An open API service indexing awesome lists of open source software.

https://github.com/mideind/greynirseq

GreynirSeq is a natural language parsing toolkit for Icelandic focused on sequence modeling with neural networks.
https://github.com/mideind/greynirseq

Last synced: about 1 year ago
JSON representation

GreynirSeq is a natural language parsing toolkit for Icelandic focused on sequence modeling with neural networks.

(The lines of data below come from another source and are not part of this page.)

(* At the equilibrium an invading species j in Z has no adults.  Hence the rows of
   the Jacobian belonging to the age classes of j vanish outside these classes, and
   on them they form a Leslie block with fecundity G_j(xhat).  A left eigenvector of
   the Jacobian is therefore either nonzero on the age classes of the residents, and
   then it is a left eigenvector of the resident block, or it vanishes there and
   restricts to a left eigenvector of the Leslie block of one invader.  An eigenvalue
   mu of that block satisfies G * prod sigma = mu^delta (mu - sigma_delta); when
   |mu| >= 1 the right-hand side has modulus at least 1 - sigma_delta, while the
   invasion condition says exactly that G * prod sigma < 1 - sigma_delta. *)

Lemma derive1_caratheodory (R : realType) (f g : R -> R) (x : R) :
  derivable g x 1 -> (forall t, f t = f x + (t - x) * g t) -> derive1 f x = g x.
Proof.
move=> dg fE.
have -> : f = cst (f x) + (id - cst x) * g by apply/funext => t; rewrite fE.
have did : derivable (@id R) x 1 := @derivable_id _ _ _ _.
have dc (c : R) : derivable (cst c) x 1 := derivable_cst c x 1.
have dl : derivable (id - cst x : R -> R) x 1 := derivableB did (dc x).
rewrite derive1E (deriveD (dc _) (derivableM dl dg)) (deriveM dl dg).
rewrite (deriveB did (dc _)) derive_id !derive_cst.
by rewrite !fctE subrr scale0r !add0r subr0 scaler1.
Qed.

Lemma derivable_div_affine (R : realType) (c d e x : R) :
  d + e * x != 0 -> derivable (fun t : R => c / (d + e * t)) x 1.
Proof. by move=> nz; apply: derivableM => //; apply: derivableV. Qed.

Section LeftEigenvectors.
Variables (F : fieldType) (T : finType).

(* [eigenvalue] is defined through row vectors, v *m M = mu *: v. *)
Definition left_eigen_on (S : {set T}) (f : T -> T -> F) (mu : F) (v : T -> F) :=
  forall r, r \in S -> \sum_(p in S) v p * f p r = mu * v r.

Lemma map_principal_submx (K : Type) (phi : F -> K) (S : {set T}) (f : T -> T -> F) :
  map_mx phi (principal_submx S f) = principal_submx S (fun p r => phi (f p r)).
Proof. by apply/matrixP => a b; rewrite !mxE. Qed.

Awesome Lists containing this project

README

          

[![superlinter](https://github.com/mideind/greynirseq/actions/workflows/superlinter.yml/badge.svg)]()
[![License: MIT](https://img.shields.io/badge/License-MIT-yellow.svg)](https://opensource.org/licenses/MIT)
[![License: CC BY 4.0](https://img.shields.io/badge/License-CC%20BY%204.0-lightgrey.svg)](https://creativecommons.org/licenses/by/4.0/)
[![License: AGPL v3](https://img.shields.io/badge/License-AGPL%20v3-blue.svg)](https://www.gnu.org/licenses/agpl-3.0)

---

Greynir

# GreynirSeq

GreynirSeq is a natural language parsing toolkit for Icelandic focused on sequence modeling with neural networks. It is under active development and is in its early stages.

The modeling part (nicenlp) of GreynirSeq is built on top of the excellent [fairseq](https://github.com/pytorch/fairseq) from Facebook (which is built on top of pytorch).

GreynirSeq is licensed under the MIT license unless otherwise stated at the top of a file.
Model files hosted by Miðeind or on Hugging Face are under the CC-BY-4.0 or the GNU AFFERO GPLv3
licenses; please see the individual repositories for details.

---

Be aware that usage of the CLI or otherwise downloading model files will result in downloading of **gigabytes** of data.
Simply installing `greynirseq` will not download any models, they are automatically downloaded on-demand.

## Installation
In a suitable virtual environment
``` bash
# From PyPI
$ pip install greynirseq
# or from git main branch
$ pip install git+https://github.com/mideind/greynirseq@main
```

## Features

### TL;DR give me the CLI

The `greynirseq` CLI interface can be used to run pretrained models for various tasks. Run `pip install greynirseq && greynirseq -h` to see what options are available.

#### POS
Input is accepted from file containing a single [tokenized](https://github.com/mideind/Tokenizer) sentence per line, or from stdin.

``` bash
$ echo "Systurnar Guðrún og Monique átu einar um jólin á McDonalds ." | greynirseq pos --input -

nvfng nven-s c n---s sfg3fþ lvfnsf af nhfog af n----s pl
```

#### NER
Input is accepted from file containing a single [tokenized](https://github.com/mideind/Tokenizer) sentence per line, or from stdin.

``` bash
$ echo "Systurnar Guðrún og Monique átu einar um jólin á McDonalds ." | greynirseq ner --input -

O B-Person O B-Person O O O O O B-Organization O
```

#### Translation
Input is accepted from file containing a single **untokenized** sentence per line, or from stdin.

``` bash
# For en->is translation
$ echo "This is an awesome test that shows how to use a pretrained translation model." | greynirseq translate --source-lang en --target-lang is

Þetta er æðislegt próf sem sýnir hvernig nota má forprófað þýðingarlíkan.

# For is->en translation
$ echo "Þetta er æðislegt próf sem sýnir hvernig nota má forprófað þýðingarlíkan." | greynirseq translate --source-lang is --target-lang en

This is an awesome test that shows how a pre-tested translation model can be used.
```

### Neural Icelandic Language Processing - NIceNLP

IceBERT is an Icelandic BERT-based (RoBERTa) language model that is suitable for fine tuning on downstream tasks.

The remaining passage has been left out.